“It made me proud to be Irish, and to be a Corkman. My mother would have been so proud.”
That was the reaction from fishmonger Pat O’Connell yesterday as he reflected on his private audience with Queen Elizabeth before attending a reception for some 300 people at Buckingham Palace on Tuesday, to celebrate the contribution made by Irish citizens in Britain.
The city’s unofficial ambassador was among a select group handpicked to attend a private audience with the queen before the main function. He said his late mother Kay, who established the family business in the historic English Market, would have been proud.
Pat said: “I came through the main door and a man came over to me and said, ‘Are you Pat O’Connell?’
“And I thought, ‘Oh God, what have I done now?’ He asked me to follow him upstairs. We were put in to a room and were told the queen would be in soon. I was way out of my comfort zone but there was no need to be nervous.
“When the queen came in, she recognised me straight away and said, ‘Oh, you’re here.

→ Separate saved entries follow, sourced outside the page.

(* Fix an integer base $B\ge 2$. For every integer $k>0$ there are infinitely many positive integers $n$ with $h(n)\le -k$.
   Context: For a positive integer $n$, $\delta(n)$ is the number of digits of $n$ in base $B$, i.e. $\delta(n)=k$ iff $B^{k-1}\le n<B^k$. Define $\delta'(1)=0$ and $\delta'(a)=\delta(a)$ for $a>1$. If $n=\prod_{i} p_i^{a_i}$ is the prime power factorisation, set $\phi(n)=\sum_i \big(\delta(p_i)+\delta'(a_i)\big)$ (with $\phi(1)=0$), and $h(n)=\delta(n)-\phi(n)$. *)

From mathcomp Require Import all_boot all_order all_algebra.
Set Implicit Arguments. Unset Strict Implicit. Unset Printing Implicit Defensive.
Import GRing.Theory Num.Theory.

(* delta B n : number of digits of n in base B, i.e. the k with
   B^(k-1) <= n < B^k (for n >= 1, B >= 2). trunc_log B n is the largest
   e with B^e <= n, hence delta = trunc_log B n + 1. *)
Definition delta (B n : nat) : nat := (trunc_log B n).+1.

Definition delta' (B a : nat) : nat := if a == 1 then 0 else delta B a.

Definition phi (B n : nat) : nat :=
  \sum_(pa <- prime_decomp n) (delta B pa.1 + delta' B pa.2).

Definition h (B n : nat) : int := (delta B n)%:Z - (phi B n)%:Z.

(* If p_1, ..., p_M are distinct primes with
   B^(J+i) < p_i <= (127/64) B^(J+i), then phi of their product n is at least
   sum_i (J+i+1), while n < (127/64)^M B^(sum_i (J+i)), so that n has at most
   sum_i (J+i) + M log_B (127/64) + 1 digits.  As 127/64 < 2 <= B, taking
   M >= 127 B^k gives h n <= -k.
   Such primes exist above 2^17 by an Erdos-style argument: if (32u, 63u]
   contained no prime, the p-adic valuations of C(64u, 32u) would give
   C(64u, 32u) <= (64u)^(sqrt (64u)) 4^(64u/3) C(64u, u), which contradicts
   4^(32u) <= (64u+1) C(64u, 32u) and C(64u, u) 63^(63u) <= 64^(64u)
   once u >= 2^12. *)

From mathcomp Require Import all_boot all_order all_algebra.
From mathcomp Require Import zify.
Set Implicit Arguments. Unset Strict Implicit. Unset Printing Implicit Defensive.

Lemma divn_eq_between q m d : q * d <= m < q.+1 * d -> m %/ d = q.
Proof.
case/andP=> lo hi; have d_gt0 : 0 < d by case: d {lo} hi; rewrite ?muln0.
by apply/eqP; rewrite eqn_leq -ltnS ltn_divLR // hi leq_divRL.
Qed.

Lemma big_divn_expn_widen p m R S : 0 < p -> m < p ^ R -> R <= S ->
  \sum_(1 <= k < S) m %/ p ^ k = \sum_(1 <= k < R) m %/ p ^ k.
Proof.
move=> p_gt0 mR; elim: S => [|S IHS]; first by rewrite leqn0 => /eqP->.
rewrite leq_eqVlt => /orP[/eqP-> // | RS]; rewrite -IHS // {IHS}.
case: S RS => [|S] RS; first by rewrite !big_geq.
rewrite big_nat_recr //= divn_small ?addn0 //.
by apply: leq_trans mR _; rewrite leq_pexp2l.
Qed.

Lemma logn_fact_small p m R : prime p -> m < p ^ R ->
  logn p m`! = \sum_(1 <= k < R) m %/ p ^ k.
Proof.
move=> p_pr mR; have p_gt0 := prime_gt0 p_pr.
have m_lt : m < p ^ m.+1.
  by apply: leq_trans (ltn_expl m (prime_gt1 p_pr)) _; rewrite leq_pexp2l.
rewrite logn_fact //; case: (leqP R m.+1) => [R_le | /ltnW R_ge].
  exact: big_divn_expn_widen.
by rewrite (big_divn_expn_widen p_gt0 m_lt R_ge).
Qed.

Lemma logn_bin_sum p n m R : prime p -> m <= n -> n < p ^ R ->
  logn p 'C(n, m) + \sum_(1 <= k < R) m %/ p ^ k
    + \sum_(1 <= k < R) (n - m) %/ p ^ k = \sum_(1 <= k < R) n %/ p ^ k.
Proof.
move=> p_pr mn nR; have /(congr1 (logn p)) := bin_fact mn.
rewrite !lognM ?bin_gt0 ?muln_gt0 ?fact_gt0 // addnA.
by rewrite !(@logn_fact_small p _ R) // (leq_ltn_trans _ nR) ?leq_subr.
Qed.

Lemma pfactor_logn_bin_le p n m : prime p -> m <= n -> 0 < n ->
  p ^ logn p 'C(n, m) <= n.
Proof.
move=> p_pr mn n_gt0; have p_gt1 := prime_gt1 p_pr.
set T := trunc_log p n.
have := logn_bin_sum p_pr mn (trunc_log_ltn n p_gt1); rewrite -/T => legendre.
have carries : \sum_(1 <= k < T.+1) n %/ p ^ k <=
    \sum_(1 <= k < T.+1) (m %/ p ^ k + (n - m) %/ p ^ k + 1).
  by apply: leq_sum => k _; rewrite -{1}(subnKC mn) leq_divDl.
rewrite !big_split /= sum_nat_const_nat subn1 muln1 in carries.
apply: leq_trans (trunc_logP p_gt1 n_gt0); rewrite leq_pexp2l ?prime_gt0 //.
lia.
Qed.

Lemma logn_bin_lt_sq p n m : prime p -> m <= n -> n < p * p ->
  logn p 'C(n, m) = n %/ p - m %/ p - (n - m) %/ p.
Proof.
move=> p_pr mn n_lt; have := @logn_bin_sum p n m 2 p_pr mn.
rewrite !big_nat1 !expn1 => /(_ n_lt).
by move: (logn _ _) (n %/ p) (m %/ p) ((n - m) %/ p) => v a b c; lia.
Qed.

Lemma mul_bin_odd_mid n : n.+1 * 'C(n.*2.+1, n) = n.*2.+1 * 'C(n.*2, n).
Proof.
rewrite [RHS](mul_bin_diag n.*2.+1 n) -[in RHS](@bin_sub n.*2.+1 n.+1); last lia.
by congr (_ * 'C(_, _)); lia.
Qed.

Lemma bin_mid_succ n : 'C(n.+1.*2, n.+1) = 2 * 'C(n.*2.+1, n).
Proof.
apply/eqP; rewrite -(eqn_pmul2l (ltn0Sn n)) -mul_bin_diag doubleS /=.
by rewrite mulnA muln2 doubleS.
Qed.

Lemma expn4_le_bin_mid n : 4 ^ n <= n.*2.+1 * 'C(n.*2, n).
Proof.
elim: n => [|n IHn]; first by rewrite bin0.
rewrite -(leq_pmul2l (ltn0Sn n)) mulnCA bin_mid_succ (mulnCA n.+1 2).
rewrite mul_bin_odd_mid.
by rewrite expnS mulnA [leqRHS]mulnA leq_mul //; lia.
Qed.

Lemma bin_odd_mid_le n : 'C(n.*2.+1, n) <= 4 ^ n.
Proof.
elim: n => [|n IHn]; first by rewrite bin0.
rewrite -(leq_pmul2l (ltn0Sn n.+1)) mul_bin_odd_mid bin_mid_succ.
by rewrite mulnA expnS [leqRHS]mulnA leq_mul //; lia.
Qed.

Lemma bin_entropy_le a b : 'C(a + b, b) * (a ^ a * b ^ b) <= (a + b) ^ (a + b).
Proof.
rewrite [X in _ <= X]expnDn (bigD1 (@Ordinal (a + b).+1 b (leq_addl a b))) //=.
by rewrite addnK leq_addr.
Qed.

Lemma prod_primes_dvdn (s : seq nat) m :
  uniq s -> all prime s -> all (dvdn^~ m) s -> \prod_(p <- s) p %| m.
Proof.
elim: s => [|p s IHs] /=; first by rewrite big_nil dvd1n.
case/andP=> p_notin_s s_uniq /andP[p_pr s_pr] /andP[p_dvd s_dvd].
rewrite big_cons Gauss_dvd ?p_dvd ?IHs // prime_coprime // Euclid_dvd_prod //.
rewrite big_has; apply/hasPn => q q_in_s; have q_pr := allP s_pr q q_in_s.
by rewrite dvdn_prime2 //; apply: contraNneq p_notin_s => ->.
Qed.

Definition primorial n := \prod_(0 <= p < n.+1 | prime p) p.

Lemma primorial0 : primorial 0 = 1.
Proof. by rewrite /primorial big_mkcond big_nat1. Qed.

Lemma primorialS n :
  primorial n.+1 = primorial n * (if prime n.+1 then n.+1 else 1).
Proof. by rewrite /primorial big_mkcond big_nat_recr //= -big_mkcond. Qed.

Lemma primorial_odd k : primorial k.*2.+1 =
  primorial k.+1 * \prod_(k.+2 <= p < k.*2.+2 | prime p) p.
Proof. by rewrite /primorial (@big_cat_nat _ _ _ k.+2) //; lia. Qed.

Lemma prod_primes_mid_dvd_bin k :
  \prod_(k.+2 <= p < k.*2.+2 | prime p) p %| 'C(k.*2.+1, k).
Proof.
rewrite -big_filter; apply: prod_primes_dvdn.
- exact/filter_uniq/iota_uniq.
- exact: filter_all.
apply/allP => p; rewrite mem_filter mem_index_iota => /andP[p_pr /andP[lo hi]].
have p_gt0 := prime_gt0 p_pr.
have k_le : k <= k.*2.+1 by lia.
have : 0 < logn p 'C(k.*2.+1, k).
  rewrite (logn_bin_lt_sq p_pr k_le); last by nia.
  by rewrite (@divn_eq_between 1) ?divn_small //; lia.
by rewrite -[p in p %| _]expn1 pfactor_dvdn // bin_gt0.
Qed.

Lemma primorial_le n : primorial n <= 4 ^ n.
Proof.
elim/ltn_ind: n => -[|m] IH; first by rewrite primorial0.
have [m_pr | m_npr] := boolP (prime m.+1); last first.
  by rewrite primorialS (negPf m_npr) muln1 (leq_trans (IH m _)) ?leq_pexp2l.
have [m_eq2 | m_odd] := even_prime m_pr.
  by rewrite m_eq2 primorialS primorialS primorial0.
have k_gt0 : 0 < m./2 by case: m {IH} m_pr m_odd => [|[|m]].
have m_even : odd m = false by move: m_odd => /= /negPf.
have -> : m.+1 = m./2.*2.+1 by rewrite -[in LHS](odd_double_half m) m_even.
set k := m./2 in k_gt0 *.
rewrite primorial_odd (_ : 4 ^ k.*2.+1 = 4 ^ k.+1 * 4 ^ k); last first.
  by rewrite -expnD; congr (_ ^ _); lia.
rewrite leq_mul ?(IH k.+1) //; first lia.
apply: leq_trans (bin_odd_mid_le _).
by apply: dvdn_leq (prod_primes_mid_dvd_bin _); rewrite bin_gt0; lia.
Qed.

Lemma prod_pfactor_logn m M : 0 < m -> m <= M ->
  \prod_(0 <= p < M.+1) p ^ logn p m = m.
Proof.
move=> m_gt0 mM; rewrite -[RHS](partnT m_gt0) (widen_partn _ mM).
exact: eq_bigl.
Qed.

Section NoPrimeIn32to63.

Variables u r : nat.
Hypothesis u_gt0 : 0 < u.
Hypothesis r_sq_gt : 64 * u < r * r.
Hypothesis no_prime : forall q, 32 * u < q <= 63 * u -> ~~ prime q.

Lemma pfactor_logn_bin_mid_large p : prime p -> r <= p ->
  p ^ logn p 'C(64 * u, 32 * u) <=
    (if p <= 64 * u %/ 3 then p else 1) * p ^ logn p 'C(64 * u, u).
Proof.
move=> p_pr r_le_p; have p_gt1 := prime_gt1 p_pr; have p_gt0 := ltnW p_gt1.
have sq_gt : 64 * u < p * p by apply: leq_trans r_sq_gt (leq_mul r_le_p r_le_p).
have v_le1 : logn p 'C(64 * u, 32 * u) <= 1.
  rewrite -ltnS -(@ltn_exp2l p) //; apply: leq_ltn_trans sq_gt.
  by apply: pfactor_logn_bin_le; lia.
have v_eq : logn p 'C(64 * u, 32 * u) = 64 * u %/ p - 32 * u %/ p - 32 * u %/ p.
  by rewrite logn_bin_lt_sq //; [congr (_ - _ %/ p) | ]; lia.
(* Above 64u/3, only the primes of (63u, 64u] divide C(64u, 32u), and they
   divide C(64u, u) as well. *)
case: (leqP p (64 * u %/ 3)) => [_ | p_gt_third].
  apply: (@leq_trans p); last exact: leq_pmulr (pfactor_gt0 _ _).
  by rewrite -[leqRHS](expn1 p) leq_exp2l.
rewrite mul1n; rewrite ltn_divLR // in p_gt_third.
have [p_le_half | p_gt_half] := leqP p (32 * u).
  by rewrite v_eq (@divn_eq_between 2) ?(@divn_eq_between 1) ?pfactor_gt0 //; lia.
have [p_le | p_gt] := leqP p (63 * u).
  by have := @no_prime p; rewrite p_gt_half p_le p_pr => /(_ isT).
have [p_le_full | p_gt_full] := leqP p (64 * u); last first.
  by rewrite v_eq !divn_small ?expn0 ?pfactor_gt0.
have -> : logn p 'C(64 * u, u) = 1.
  by rewrite logn_bin_lt_sq ?(@divn_eq_between 1 (64 * u)) ?divn_small; lia.
by rewrite leq_exp2l.
Qed.

Lemma pfactor_logn_bin_mid_le p :
  p ^ logn p 'C(64 * u, 32 * u) <=
    (if p < r then 64 * u else 1)
    * (if prime p && (p <= 64 * u %/ 3) then p else 1)
    * p ^ logn p 'C(64 * u, u).
Proof.
have [p_pr | p_npr] := boolP (prime p); last first.
  rewrite lognE (negPf p_npr) /= !muln_gt0 pfactor_gt0 andbT andbT.
  by case: ifP; rewrite // muln_gt0 u_gt0.
rewrite /=; have [p_lt_r | r_le_p] := ltnP p r.
  apply: leq_trans (pfactor_logn_bin_le _ _ _) _; try lia.
  rewrite -mulnA leq_pmulr // muln_gt0 pfactor_gt0 andbT.
  by case: ifP => _ //; exact: prime_gt0.
by rewrite mul1n; apply: pfactor_logn_bin_mid_large.
Qed.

Did you bring any fish?’” he joked.
“Underneath it all, she’s just an ordinary woman with a great sense of fun.”
Pat said they chatted about how much she enjoyed her state visit to Ireland in 2011, and that she commented on the “buzz” in the room as the Irish community mingled.
Pat flew home from London with wife Margaret last night and will be back behind his stall this morning.

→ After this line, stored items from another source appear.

Lemma has_hf_setI P1 P2 m1 m2 :
  has_hf P1 m1 -> has_hf P2 m2 -> has_hf (P1 `&` P2) (m1 + m2).
Proof.
move=> [d1 [e1 [T1 [A1 [E1 [c1 [-> valid1]]]]]]].
move=> [d2 [e2 [T2 [A2 [E2 [c2 [-> valid2]]]]]]].
pose E := col_mx (block_mx E1 0 0 E2) (col_mx (row_mx T1 (- T2)) (row_mx c1 (- c2))).
have E_eq0 y1 y2 : E *m col_mx y1 y2 = 0 <->
    [/\ E1 *m y1 = 0, E2 *m y2 = 0, T1 *m y1 = T2 *m y2 & dot c1 y1 = dot c2 y2].
  rewrite mul_col_mx mul_block_diag_col mul_col_mx !mul_row_col !mulNmx.
  split=> [|[-> -> -> c12]].
    move=> /col_mx_eq0P [/col_mx_eq0P [-> ->] /col_mx_eq0P [/subr0_eq -> c12]].
    by move/mx11_eq0: c12; rewrite mxBE => /subr0_eq.
  rewrite subrr !col_mx0; apply/col_mx_eq0P; split=> //; apply/col_mx_eq0P; split=> //.
  by apply/mx11_eq0; rewrite mxBE -/(dot c1 y1) -/(dot c2 y2) c12 subrr.
exists (d1 + d2)%N, ((e1 + e2) + (n + 1))%N, (row_mx T1 0), (block_mx A1 0 0 A2), E,
  (row_mx c1 0).
have T_col y1 y2 : row_mx T1 (0 : 'M_(n, d2)) *m col_mx y1 y2 = T1 *m y1.
  by rewrite mul_row_col mul0mx addr0.
have c_col y1 y2 : dot (row_mx c1 (0 : 'rV_d2)) (col_mx y1 y2) = dot c1 y1.
  by rewrite dot_row_col {2}/dot mul0mx mxE addr0.
split; last first.
  move=> y; rewrite -[y]vsubmxK mul_block_diag_col T_col c_col.
  by move=> /nonneg_col_mx [A1y _] /E_eq0 [E1y _ _ _]; apply: valid1.
apply/seteqP; split=> x /=.
  move=> [[y1 [A1y [E1y [c1y ->]]]] [y2 [A2y [E2y [c2y T12]]]]].
  exists (col_mx y1 y2); rewrite mul_block_diag_col T_col c_col.
  split; first exact/nonneg_col_mx.
  by split=> //; apply/E_eq0; split=> //; rewrite c1y c2y.
move=> [y]; rewrite -[y]vsubmxK mul_block_diag_col T_col c_col.
move=> [/nonneg_col_mx [A1y A2y] [/E_eq0 [E1y E2y T12 c12] [c1y ->]]].
split; first by exists (usubmx y).
by exists (dsubmx y); rewrite -c12 -T12.
Qed.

UCC graduate Emma Verling, a native of Waterford who completed her BSc and PhD at the then Department of Zoology, Ecology, and Plant Science at the college, also attended the reception. “It was a wonderful evening — a bit surreal but it was very memorable. It was a real honour to be part of such an historic event,” she said.
The reception served as a curtain-raiser to President Michael D Higgins’s visit to Britain — the first such visit by an Irish head of state. The President and wife Sabina will be the Queen’s guests on April 8-11.